Разделитель для чтения книг в онлайн библиотеке

Онлайн книга «Мед жизни»

Cтраница 37

* * *

Смирная Чёлка, понурив голову, стояла у опушки, хрумкала первым грибом. Вот и колосовики пошли, и кукушки давненько не слыхать. Значит, озими в колос вышли. Опять же, сенокосу конец, до самого леса всё выкошено и по полянам пройдено. А отаву подкашивать ещё не скоро.

Микола стреножил Чёлку, хлопнул по впалому боку. Иди, отъедайся, скоро тебе опять дело сыщется. Лошадь ушла к кустам, где трава посочней и не так донимает кусачий зуд. А Микола с серпом в руке двинул к дальней полосе, где давно уж выколосились озимые. Серп ещё с зимы зазубрен да оттянут, только что сам не жнёт.

Рожь стояла высоченная. Веский колос, словно из золота отлитый, изгибался к земле, готовый пролить созревшие зёрна. В самую пору с сенокосом обрядился, жать пора.

Первую пясть скрутил в жгут, венцом повязал вокруг головы. Вторую – тоже в жгут и на землю бросил. А уж потом пошёл жать безостанно. Набирал полную пясть стеблей, единым движением подрезал их всех высоконько над землёй, чтобы травяная мелочь в сноп не попала, и кидал поперёк жгута. Как набиралось полное бремя, обвязывал жгутом и ставил готовый сноп на попа. Кругом устанавливал ещё десять снопов, а двенадцатый сверху, прикрыть братьев от росы и случайного дождика. Дюжина снопов – скирда, или купа. Сто куп сожнёшь, тут и дню конец. А каково после такого дня спину распрямлять, знает тот, кто сам жанывал.

Косой, конечно, скорей рожь повалить, да потом замаешься сорную траву из хлеба выбирать.
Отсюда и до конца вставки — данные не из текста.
(* Let $d\ge1$ be a fixed integer and let $G$ be a uniformly random simple $d$-regular graph on $n$ labelled vertices. For a set $E$ of vertex pairs let $\mathcal{X}_E=\mathbf 1\{E\subset E(G)\}$ and $\mathcal{X}_{E^c}=\mathbf 1\{E\cap E(G)=\emptyset\}$ (write $\mathcal{X}_e$ when $E=\{e\}$). Let $E_1,E_2$ be disjoint sets of vertex pairs with $|E_i|=O(\log n)$, $i=1,2$, such that $\mathbb{P}(\mathcal{X}_{E_1}\mathcal{X}_{E_2^c}=1)>0$, and let $e$ be another pair not in $E_1\cup E_2$. Then $$\mathbb{P}(\mathcal{X}_e=1\mid\mathcal{X}_{E_1}\mathcal{X}_{E_2^c}=1)\le\frac dn+O\Big(\frac{|E_1|+|E_2|}{n^2}\Big).$$ Furthermore, if $e$ shares no vertex with any pair in $E_1\cup E_2$, then $$\mathbb{P}(\mathcal{X}_e=1\mid\mathcal{X}_{E_1}\mathcal{X}_{E_2^c}=1)=\frac dn+O\Big(\frac{|E_1|+|E_2|}{n^2}\Big).$$ The same statements hold for a uniformly random simple $d$-regular bipartite graph with $n$ vertices in each part (with all pairs taken between the two parts).
   Context: The $O(\cdot)$ constants are uniform over all admissible $E_1,E_2,e$ with $|E_1|,|E_2|\le C\log n$ for a fixed constant $C$, and depend only on $d$ and $C$; the statements are for $n$ sufficiently large. *)

From HB Require Import structures.
From mathcomp Require Import all_boot all_order all_algebra.
From mathcomp Require Import all_classical all_reals all_analysis.
Set Implicit Arguments. Unset Strict Implicit. Unset Printing Implicit Defensive.
Import Order.TTheory GRing.Theory Num.Theory.
Local Open Scope ring_scope.

(* A graph on a finite vertex type V is its edge set: a set of vertex pairs,
   each pair being a 2-element subset of V. *)

Definition simple_pair {V : finType} (p : {set V}) : bool := #|p| == 2%N.

Definition bip_pair {n : nat} (p : {set ('I_n + 'I_n)%type}) : bool :=
  [exists a : 'I_n, exists b : 'I_n, p == [set inl a; inr b]].

Definition deg {V : finType} (G : {set {set V}}) (v : V) : nat :=
  #|[set p in G | v \in p]|.

(* the (finite) sample space: all d-regular graphs whose edges are admissible
   pairs; the random graph is uniform on this set *)
Definition reg_graphs {V : finType} (ok : pred {set V}) (d : nat)
  : {set {set {set V}}} :=
  [set G : {set {set V}} | [forall p in G, ok p] && [forall v, deg G v == d]].

Definition cond_prob (R : numFieldType) {T : finType} (Om A B : {set T}) : R :=
  (#|Om :&: A :&: B|)%:R / (#|Om :&: B|)%:R.

Definition ev_in_out {V : finType} (E1 E2 : {set {set V}}) : {set {set {set V}}} :=
  [set G : {set {set V}} | (E1 \subset G) && [disjoint E2 & G]].

Definition ev_edge {V : finType} (e : {set V}) : {set {set {set V}}} :=
  [set G : {set {set V}} | e \in G].

(* The content of the lemma, for one model (vertex type V, admissible pairs ok,
   n = number of vertices (per part in the bipartite case)), with O-constant K
   and size constant C. *)
Definition edge_cond_bounds (R : realType) {V : finType} (ok : pred {set V})
  (d n : nat) (C K : R) : Prop :=
  forall (E1 E2 : {set {set V}}) (e : {set V}),
    (forall p, p \in E1 -> ok p) ->
    (forall p, p \in E2 -> ok p) ->
    ok e ->
    [disjoint E1 & E2] ->
    (#|E1|%:R <= C * ln (n%:R : R)) ->
    (#|E2|%:R <= C * ln (n%:R : R)) ->
    (0 < #|reg_graphs ok d :&: ev_in_out E1 E2|)%N ->
    e \notin E1 :|: E2 ->
    let P := cond_prob R (reg_graphs ok d) (ev_edge e) (ev_in_out E1 E2) in
    let err := K * ((#|E1| + #|E2| + 1)%:R / (n%:R ^+ 2)) in
    P <= d%:R / n%:R + err /\
    ((forall p, p \in E1 :|: E2 -> [disjoint e & p]) ->
       `|P - d%:R / n%:R| <= err).

From HB Require Import structures.
From mathcomp Require Import all_boot all_order all_algebra.
From mathcomp Require Import all_classical all_reals all_analysis.
From mathcomp Require Import ring lra zify.
Set Implicit Arguments. Unset Strict Implicit. Unset Printing Implicit Defensive.
Import Order.TTheory GRing.Theory Num.Theory.

(* Switching.  Let A (resp. B) be the graphs of the conditioned event that
   contain (resp. avoid) the pair e = uv.  A forward switching trades the edges
   uv, xy of a graph in A for ux, vy.  Each graph in A has at least nd - c such
   switchings landing in B, where c = O(d^2 + |E1| + d |E2| + d) accounts for the
   edges xy that are blocked by E1, E2 or by edges already present, while each
   graph in B is reached from at most d^2 choices (x, y neighbours of u, v).
   Hence |A| (nd - c) <= |B| d^2, i.e. P(e) <= d/n + O(c / n^2).  When u and v
   lie on no pair of E1, the backward switching trading ux, vy, ab for uv, xa, yb
   gives |B| d^2 (nd - c) <= |A| (nd)^2, the matching lower bound.  Only two
   properties of the pair model are used: each vertex has n - 1 or n admissible
   partners, and the pairs created by a switching are admissible; both the
   ordinary and the bipartite model have them.  Finally c = O(|E1| + |E2| + 1)
   = O(log n), so c stays below nd / 2 for large n. *)

Lemma card_dep_pairs (T U : finType) (X : {set T}) (F : T -> {set U}) :
  #|[set t : T * U | (t.1 \in X) && (t.2 \in F t.1)]| = \sum_(x in X) #|F x|.
Proof.
rewrite -sum1_card (eq_bigl (fun t : T * U => (t.1 \in X) && (t.2 \in F t.1))).
  rewrite -(pair_big_dep (fun x => x \in X) (fun x y => y \in F x) (fun _ _ => 1)).
  by apply: eq_bigr => x _; rewrite sum1_card.
by move=> t; rewrite inE.
Qed.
И без того васильки да колючие чертополохи под руку лезут. Хороши васильки во ржи, да плохи в снопе.

С дороги плывёт тележный скрип: едет большой обоз. Бабы-маркитантки да шинкарки – солдат кормить-поить, милосердные сёстры – пораненных лечить, прачки – обстирать да обшить служивых, а следом – просто веселухи, которым работа ночью. А куда деться? – без этого дела и воевать скучно.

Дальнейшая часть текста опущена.